Paul Ellringer, an energy and mold consultant in Saint Paul, Minnesota, has a collection of slides showing moldy basement insulation. In most cases, these basement walls were insulated with fiberglass batts, and included two layers of polyethylene — one on each side of the studs. Ellringer calls this a “diaper wall,” and reports that most of them are a mess. 'Fibrous insulation and poly are inherently problematic, and should not be used in below-grade walls,' says Ellringer. 'Sometimes when you open it up, the fiberglass is soaking wet. If the house is two to four years old, the studs are often beginning to rot.'”
THIS IS MY CONCERN:
Will inherent moisture in the dirt that is currently covered by polyethylene creep up the foundation wall behind the foam board?
My guess is yes.
Solution A: We have a Dow frothpak that was going to be used for the hard to reach rim joists; so maybe that would also be a good way to air seal the transition from plastic to concrete?
Solution B: Affix Thermax rigid foam, seal the seams with ???? and then seal the top of the rigid foam with ???? seam seal tape or something else?
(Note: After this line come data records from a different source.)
(* Let $s_0\ge1$ be an integer and let $f=(f_1,f_2)$ and $g=(g_1,g_2)$ be smooth vector fields on $\mathbb{T}^2$. Then \begin{align*} \Big|\int_{\mathbb{T}^2}\partial^{s_0}(f\cdot\nabla g)\cdot\partial^{s_0}g\,dx\Big| \lesssim\;&\Big(\|\nabla f_1\|_{H^{[\frac{s_0}{2}]+1}}\|\partial_1g\|_{H^{s_0-1}}+\|\nabla f_2\|_{H^{[\frac{s_0}{2}]+1}}\|\partial_2g\|_{H^{s_0-1}}\Big)\|g\|_{\dot H^{s_0}}\\ &+\Big(\|\nabla f_1\|_{H^{s_0-1}}\|\partial_1g\|_{H^{[\frac{s_0}{2}]+2}}+\|\nabla f_2\|_{H^{s_0-1}}\|\partial_2g\|_{H^{[\frac{s_0}{2}]+2}}\Big)\|g\|_{\dot H^{s_0}}\\ &+\|\nabla\cdot f\|_{H^2}\|g\|_{\dot H^{s_0}}^2. \end{align*}
   Context: $\mathbb{T}^2=[-\pi,\pi]^2$ is the periodic domain. $\partial^{s_0}$ denotes any partial derivative $\partial_1^{\alpha_1}\partial_2^{\alpha_2}$ with $\alpha_1+\alpha_2=s_0$, applied componentwise; $f\cdot\nabla g=f_1\partial_1g+f_2\partial_2g$. $[\cdot]$ is the integer part and $\dot H^{s_0}$ the homogeneous Sobolev seminorm. $A\lesssim B$ means $A\le CB$ with a constant $C$ depending only on $s_0$. *)

From Stdlib Require Import Reals.
From Coquelicot Require Import Coquelicot.
Open Scope R_scope.

Definition fn2 := R -> R -> R.

Definition pd1 (u : fn2) : fn2 := fun x y => Derive (fun t => u t y) x.
Definition pd2 (u : fn2) : fn2 := fun x y => Derive (fun t => u x t) y.

Definition pdn (a b : nat) (u : fn2) : fn2 := Nat.iter a pd1 (Nat.iter b pd2 u).

Definition smooth2 (u : fn2) : Prop :=
  forall (a b : nat) (x y : R),
    ex_derive (fun t => pdn a b u t y) x /\
    ex_derive (fun t => pdn a b u x t) y /\
    continuous (fun p : R * R => pdn a b u (fst p) (snd p)) (x, y).

(* 2pi-periodic in each variable: a function on T^2 = [-pi,pi]^2. *)
Definition periodic2 (u : fn2) : Prop :=
  forall x y, u (x + 2 * PI) y = u x y /\ u x (y + 2 * PI) = u x y.

Definition smooth_T2 (u : fn2) : Prop := smooth2 u /\ periodic2 u.

Definition intT2 (h : fn2) : R :=
  RInt (fun x => RInt (fun y => h x y) (- PI) PI) (- PI) PI.

Definition L2sq (u : fn2) : R := intT2 (fun x y => u x y ^ 2).

Definition Hsq (k : nat) (u : fn2) : R :=
  sum_f_R0 (fun a => sum_f_R0 (fun b => L2sq (pdn a b u)) (k - a)) k.

Definition Hdotsq (k : nat) (u : fn2) : R :=
  sum_f_R0 (fun a => L2sq (pdn a (k - a) u)) k.

Definition Hnorm2 (k : nat) (u v : fn2) : R := sqrt (Hsq k u + Hsq k v).
Definition Hnorm1 (k : nat) (u : fn2) : R := sqrt (Hsq k u).
Definition Hdotnorm2 (k : nat) (u v : fn2) : R := sqrt (Hdotsq k u + Hdotsq k v).

Definition adv (f1 f2 h : fn2) : fn2 :=
  fun x y => f1 x y * pd1 h x y + f2 x y * pd2 h x y.

Definition trilin (a b : nat) (f1 f2 g1 g2 : fn2) : R :=
  intT2 (fun x y =>
    pdn a b (adv f1 f2 g1) x y * pdn a b g1 x y +
    pdn a b (adv f1 f2 g2) x y * pdn a b g2 x y).

Definition divf (f1 f2 : fn2) : fn2 := fun x y => pd1 f1 x y + pd2 f2 x y.

From Stdlib Require Import Reals Lra Lia FunctionalExtensionality List.
From Coquelicot Require Import Coquelicot.
Import ListNotations.
Open Scope R_scope.

(* By the Leibniz rule, [pdn a b (f . grad g)] is [f . grad (pdn a b g)] plus products
   [pdn p q f_i * pdn r s (pd_i g)] with [1 <= p + q] and [p + q + r + s = s0].  Paired
   with [G = pdn a b g], the top-order term integrates to [-1/2 * intT2 ((div f) G^2)]
   because [f . grad (G^2)] integrates by parts on the torus; it is bounded by
   [|div f|_oo |G|_2^2].  In every other product one factor carries at most [s0/2]
   derivatives and is bounded in L^oo by the embedding H^2 in L^oo (from the
   one-dimensional bound [w x0^2 <= RInt (2 w^2 + w'^2)] in each variable), while the
   other factor and [G] are bounded in L^2. *)

Lemma fn2_ext (u v : fn2) : (forall x y, u x y = v x y) -> u = v.
Proof.
  intros H. apply functional_extensionality; intro x.
  apply functional_extensionality; intro y. apply H.
Qed.

Definition plus2 (u v : fn2) : fn2 := fun x y => u x y + v x y.
Definition mul2 (u v : fn2) : fn2 := fun x y => u x y * v x y.
Definition scal2 (c : R) (u : fn2) : fn2 := fun x y => c * u x y.

Definition continuous2 (w : fn2) (x y : R) : Prop :=
  continuous (fun p : R * R => w (fst p) (snd p)) (x, y).

Lemma continuous2_x (w : fn2) x y : continuous2 w x y -> continuous (fun t => w t y) x.
Proof.
  intros H. apply (continuous_comp_2 (fun t => t) (fun _ : R => y) w); auto.
  - apply continuous_id.
  - apply continuous_const.
Qed.

Lemma continuous2_y (w : fn2) x y : continuous2 w x y -> continuous (fun t => w x t) y.
Proof.
  intros H. apply (continuous_comp_2 (fun _ : R => x) (fun t => t) w); auto.
  - apply continuous_const.
  - apply continuous_id.
Qed.

Lemma Derive_periodic (f : R -> R) c x :
  (forall t, f (t + c) = f t) -> Derive f (x + c) = Derive f x.
Proof.
  intros H. unfold Derive. f_equal. apply Lim_ext. intro h.
  replace (x + c + h) with ((x + h) + c) by ring. rewrite !H. reflexivity.
Qed.

Lemma periodic2_pd1 u : periodic2 u -> periodic2 (pd1 u).
Proof.
  intros H x y. unfold pd1. split.
  - apply Derive_periodic. intro t. apply (H t y).
  - apply Derive_ext. intro t. apply (H t y).
Qed.

Lemma periodic2_pd2 u : periodic2 u -> periodic2 (pd2 u).
Proof.
  intros H x y. unfold pd2. split.
  - apply Derive_ext. intro t. apply (H x t).
  - apply Derive_periodic. intro t. apply (H x t).
Qed.

Lemma periodic2_pdn a b u : periodic2 u -> periodic2 (pdn a b u).
Proof.
  intros H. unfold pdn. induction a as [|a IH]; simpl.
  - induction b as [|b IHb]; simpl; auto. apply periodic2_pd2; auto.
  - apply periodic2_pd1; auto.
Qed.

Lemma periodic2_mul u v : periodic2 u -> periodic2 v -> periodic2 (mul2 u v).
Proof.
  intros Hu Hv x y. unfold mul2.
  destruct (Hu x y) as [-> ->]. destruct (Hv x y) as [-> ->]. auto.
Qed.

Lemma smooth2_ex_derive_x u a b x y : smooth2 u -> ex_derive (fun t => pdn a b u t y) x.
Proof. intros H. apply (H a b x y). Qed.

Lemma smooth2_ex_derive_y u a b x y : smooth2 u -> ex_derive (fun t => pdn a b u x t) y.
Proof. intros H. apply (H a b x y). Qed.

Lemma smooth2_continuous u a b x y : smooth2 u -> continuous2 (pdn a b u) x y.
Proof. intros H. apply (H a b x y). Qed.

Lemma ex_RInt_y (w : fn2) x a b :
  (forall x y, continuous2 w x y) -> ex_RInt (fun t => w x t) a b.
Proof.
  intros H. apply (@ex_RInt_continuous R_CompleteNormedModule).
  intros z _. apply continuous2_y, H.
Qed.
(* Consider the lattice Boltzmann scheme and initialisation $w$ described in the context, and let $H\in\mathbb{N}^*$. Assume that (i) the Fourier symbol of $w_1$ satisfies $\hat w_1(\xi\Delta x)=1+O(|\xi\Delta x|^{H+1})$ as $|\xi\Delta x|\to0$ (equivalently $\omega_1^{(0)}=1$ and $\omega_1^{(h)}=0$ for $h\in\{1,\dots,H\}$); and (ii) for every $n\in\{1,\dots,Q\}$ the modified equation of the $n$-th starting scheme matches that of the bulk finite difference scheme up to order $H$, i.e. $\log\hat g_{[n]}(\xi\Delta x)-n\log\hat g_1(\xi\Delta x)=O(|\xi\Delta x|^{H+1})$. Then for every $n>Q$ the modified equation of the $n$-th starting scheme also matches that of the bulk finite difference scheme up to order $H$, i.e. $\hat g_{[n]}(\xi\Delta x)=\hat g_1(\xi\Delta x)^n+O(|\xi\Delta x|^{H+1})$.
   Context: Fix $d\ge1$, $q\ge1$, velocities $c_1,\dots,c_q\in\mathbb{Z}^d$, invertible $M$, $S=\mathrm{diag}(s_1,\dots,s_q)$ with $s_i\in(0,2]$ for $i\ge2$, $\epsilon\in\mathbb{R}^q$, $\epsilon_1=1$; $K=I-S(I-\epsilon e_1^T)$; acoustic scaling $\Delta t=\Delta x/\lambda$. Shifts $(x_\ell\phi)(x)=\phi(x-\Delta xe_\ell)$; $T=M\mathrm{diag}(x^{c_1},\dots,x^{c_q})M^{-1}$, $E=TK$. $Q$ is the number of $i\in\{2,\dots,q\}$ with $s_i\ne1$. The initialisation is $m(0,x)=w\,m_1^\circ(x)$ with $w$ a vector of Laurent polynomials in the shifts, $w_1$ having asymptotic expansion $\omega_1^{(0)}+\sum_{h\ge1}\Delta x^h\omega_1^{(h)}$ on smooth functions. Fourier symbols: for a Laurent polynomial operator $\mathsf{d}$ in the shifts, $\hat{\mathsf d}(\xi\Delta x)$ is obtained by substituting $x_\ell\mapsto e^{-i\xi_\ell\Delta x}$, $\xi\in\mathbb{R}^d$. The bulk finite difference scheme $z^{Q+1-q}\det(zI-E)m_1=0$ has amplification polynomial $\hat\Phi(z,\xi\Delta x)=z^{Q+1-q}\det(zI-\hat E(\xi\Delta x))$; $\hat g_1(\xi\Delta x)$ denotes its root with $\hat g_1(\xi\Delta x)=1+O(|\xi\Delta x|)$ as $|\xi\Delta x|\to0$ (the consistency root), and the modified equation of the bulk scheme is $\partial_t=\frac{\lambda}{\Delta x}\log\hat g_1(\xi\Delta x)$. For $n\in\mathbb{N}^*$, $\hat g_{[n]}(\xi\Delta x)=(\hat E(\xi\Delta x)^n\hat w(\xi\Delta x))_1$ is the symbol of the $n$-th starting scheme $m_1(n\Delta t,\cdot)=(E^nw)_1m_1^\circ$, whose modified equation is $\partial_t=\frac{\lambda}{n\Delta x}\log\hat g_{[n]}(\xi\Delta x)$ as $|\xi\Delta x|\to0$. *)

From HB Require Import structures.
From mathcomp Require Import all_boot all_order all_algebra.
From mathcomp Require Import all_classical all_reals all_analysis.
From mathcomp Require Import complex.
Set Implicit Arguments. Unset Strict Implicit. Unset Printing Implicit Defensive.
Import Order.TTheory GRing.Theory Num.Theory.
Local Open Scope ring_scope.
Local Open Scope complex_scope.
(* The unique double bialgebra morphism from $\mathcal{T}op$ to $\mathcal{C}omp$ is given by the following: for any quasi-poset $T$, \[\phi(T)=\sum_{f\in L(T)} (f^{-1}(1),\ldots,f^{-1}(\max(f))).\]
   Context: $\mathcal{T}op[A]$ is the vector space generated by finite topologies on $A$, identified with quasi-posets $(A,\le_T)$ (open sets are upward-closed sets); $a\sim_T b$ means $a\le_T b$ and $b\le_T a$. It is a double twisted bialgebra: product disjoint union; $\Delta_{A,B}(T)=T_{\mid A}\otimes T_{\mid B}$ if $B$ is open in $T$, $0$ otherwise; $\delta_A(T)=\sum_{\sim\in\mathrm{CE}(T)}T/\sim\otimes T|\sim$ (sum over $T$-compatible equivalences: classes $T$-connected and $\sim_{T/\sim}=\sim$, where $T|\sim$ keeps the relations $x\le_T y$ with $x\sim y$ and $T/\sim$ is the transitive closure of $\le_T$ and $\sim$), whose counit is $\varepsilon'_{\mathcal{T}op}(T)=1$ if $\le_T$ is an equivalence and $0$ otherwise. The morphism $\phi$ is equivalently the unique twisted bialgebra morphism $\mathcal{T}op\to\mathcal{C}omp$ with $\varepsilon'\circ\phi=\varepsilon'_{\mathcal{T}op}$. $\mathcal{C}omp[A]$ has basis the set compositions $(A_1,\ldots,A_k)$ of $A$, with quasi-shuffle product $\uplus$, deconcatenation coproduct $\Delta$, a second coproduct $\delta$, and $\varepsilon'(A_1,\ldots,A_k)=\delta_{k,1}$. $L(T)$ is the set of surjections $f:A\to\{1,\ldots,\max(f)\}$ such that $a\le_T b$ implies $f(a)\le f(b)$, and $a\le_T b$ with $f(a)=f(b)$ implies $a\sim_T b$. *)

From mathcomp Require Import all_boot all_order all_algebra.
From mathcomp Require Import perm.
Set Implicit Arguments. Unset Strict Implicit. Unset Printing Implicit Defensive.
Import GRing.Theory.
Local Open Scope ring_scope.

(* A finite topology (quasi-poset) on A is a relation T : {set X * X}      *)
(* contained in A x A, reflexive on A and transitive; (a,b) \in T means    *)
(* a <=_T b.                                                               *)
(* An element of Comp[A] is a coefficient function on set compositions    *)
(* (sequences of nonempty pairwise disjoint blocks covering A).            *)
(* Linear maps Top[A] -> Comp[A] are given by their values on the basis.   *)

Section TopComp.
Variables (X : finType) (K : fieldType).

Definition is_top (A : {set X}) (T : {set X * X}) : bool :=
  [&& T \subset setX A A,
      [forall a in A, (a, a) \in T] &
      [forall a, forall b, forall c,
         ((a, b) \in T) && ((b, c) \in T) ==> ((a, c) \in T)]].

Definition restr (B : {set X}) (T : {set X * X}) : {set X * X} :=
  T :&: setX B B.

Definition open_in (B : {set X}) (T : {set X * X}) : bool :=
  [forall a, forall b, ((a, b) \in T) && (a \in B) ==> (b \in B)].

Definition is_equiv (T : {set X * X}) : bool :=
  [forall a, forall b, ((a, b) \in T) ==> ((b, a) \in T)].

Definition relabel (s : {perm X}) (T : {set X * X}) : {set X * X} :=
  [set (s p.1, s p.2) | p in T].

Definition is_comp (A : {set X}) (C : seq {set X}) : bool :=
  [&& set0 \notin C,
      pairwise (fun B1 B2 : {set X} => [disjoint B1 & B2]) C &
      \bigcup_(B <- C) B == A].
Lemma gsov_rec j : (j < n)%N ->
  g j = b j - \sum_(i < j) (dotv (b j) (g i) / dotv (g i) (g i)) *: g i.
Proof. by move=> jn; apply: nth_gs_aux; rewrite size_cols. Qed.

Lemma gsov0 : (0 < n)%N -> g 0 = b 0.
Proof. by move=> n0; rewrite gsov_rec // big_ord0 subr0. Qed.

Lemma colv_expansion j : (j < n)%N -> b j = g j + \sum_(i < j) gsmu B i j *: g i.
Proof.
move=> jn; rewrite [g j]gsov_rec //.
under [X in _ = _ + X]eq_bigr => i _ do rewrite /gsmu dotvC.
by rewrite subrK.
Qed.

Lemma gsov_orth : orth_upto n g.
Proof.
suff lt_orth j i : (i < j)%N -> (j < n)%N -> dotv (g i) (g j) = 0.
  move=> k l kn ln; case: ltngtP => // [kl|lk] _; first exact: lt_orth.
  by rewrite dotvC lt_orth.
elim/ltn_ind: j i => j IH i ij jn.
rewrite [g j]gsov_rec // dotvBr dotv_sumr (bigD1 (Ordinal ij)) //= big1 => [|k ki].
  rewrite addr0 dotvZr (dotvC (b j)).
  have [/eqP|gi_neq0] := eqVneq (dotv (g i) (g i)) 0.
    by rewrite dotvv_eq0 => /eqP ->; rewrite dotv0l mul0r mul0r subrr.
  by rewrite mulfVK // subrr.
have kj := ltn_ord k; rewrite dotvZr.
have [ik|ki'|ik] := ltngtP i k.
- by rewrite (IH k kj i ik (ltn_trans kj jn)) mulr0.
- by rewrite (dotvC (g i)) (IH i ij k ki' (ltn_trans ij jn)) mulr0.
- by move: ki; rewrite -val_eqE /= ik eqxx.
Qed.

Lemma gsov_unique (c : nat -> 'cV[R]_d) (a : nat -> nat -> R) :
  orth_upto n c -> (forall j, (j < n)%N -> b j = c j + \sum_(i < j) a j i *: c i) ->
  forall j, (j < n)%N -> g j = c j.
Proof.
move=> c_orth b_exp; elim/ltn_ind => j IH jn.
rewrite gsov_rec //.
suff -> : \sum_(i < j) (dotv (b j) (g i) / dotv (g i) (g i)) *: g i =
          \sum_(i < j) a j i *: c i by rewrite b_exp // addrK.
apply: eq_bigr => i _.
have im : (i < n)%N := ltn_trans (ltn_ord i) jn.
rewrite IH ?ltn_ord // b_exp // dotvDl (dotvC _ (c i)) c_orth ?(ltn_eqF (ltn_ord i)) //.
rewrite add0r dotvC (dotv_orth_sumr c_orth _ im (ltnW jn)) ltn_ord.
have [/eqP|ci_neq0] := eqVneq (dotv (c i) (c i)) 0.
  by rewrite dotvv_eq0 => /eqP ->; rewrite !scaler0.
by rewrite mulfK.
Qed.

Lemma sqr_normv_colv j : (j < n)%N ->
  dotv (b j) (b j) = dotv (g j) (g j) + \sum_(i < j) gsmu B i j ^+ 2 * dotv (g i) (g i).
Proof.
by move=> jn; rewrite colv_expansion // (dotv_orth_expansion gsov_orth (gsmu B ^~ j)).
Qed.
Somewhere in the archives Dana Dorsett recommended using fiberglass reinforced duct mastic to air seal the mud sill in areas that a caulk gun won't fit.
But if all of the crawlspace dirt moisture is creeping into the foundation, does this exacerbate existing foundation moisture and subsequent mudsill issues? (House was built in 1922 but see below.)
SECONDARY QUESTION:
Which now begs another question: Our house was "leveled" once and there are areas where we have two mudsills: The original and pressure treated boards that have been tapered and wedged in. In fact, there is a 10-foot section where the rim joist and mud sill do not even touch the foundation leaving a 1-1/2 gap at one end, tapering down to a 1 1/4 inch gap at the other end. (I need to problem solve this situation.) But the question is do I seal the seams between mudsills with air barrier tape, caulk, or spray all the layers with froth pak?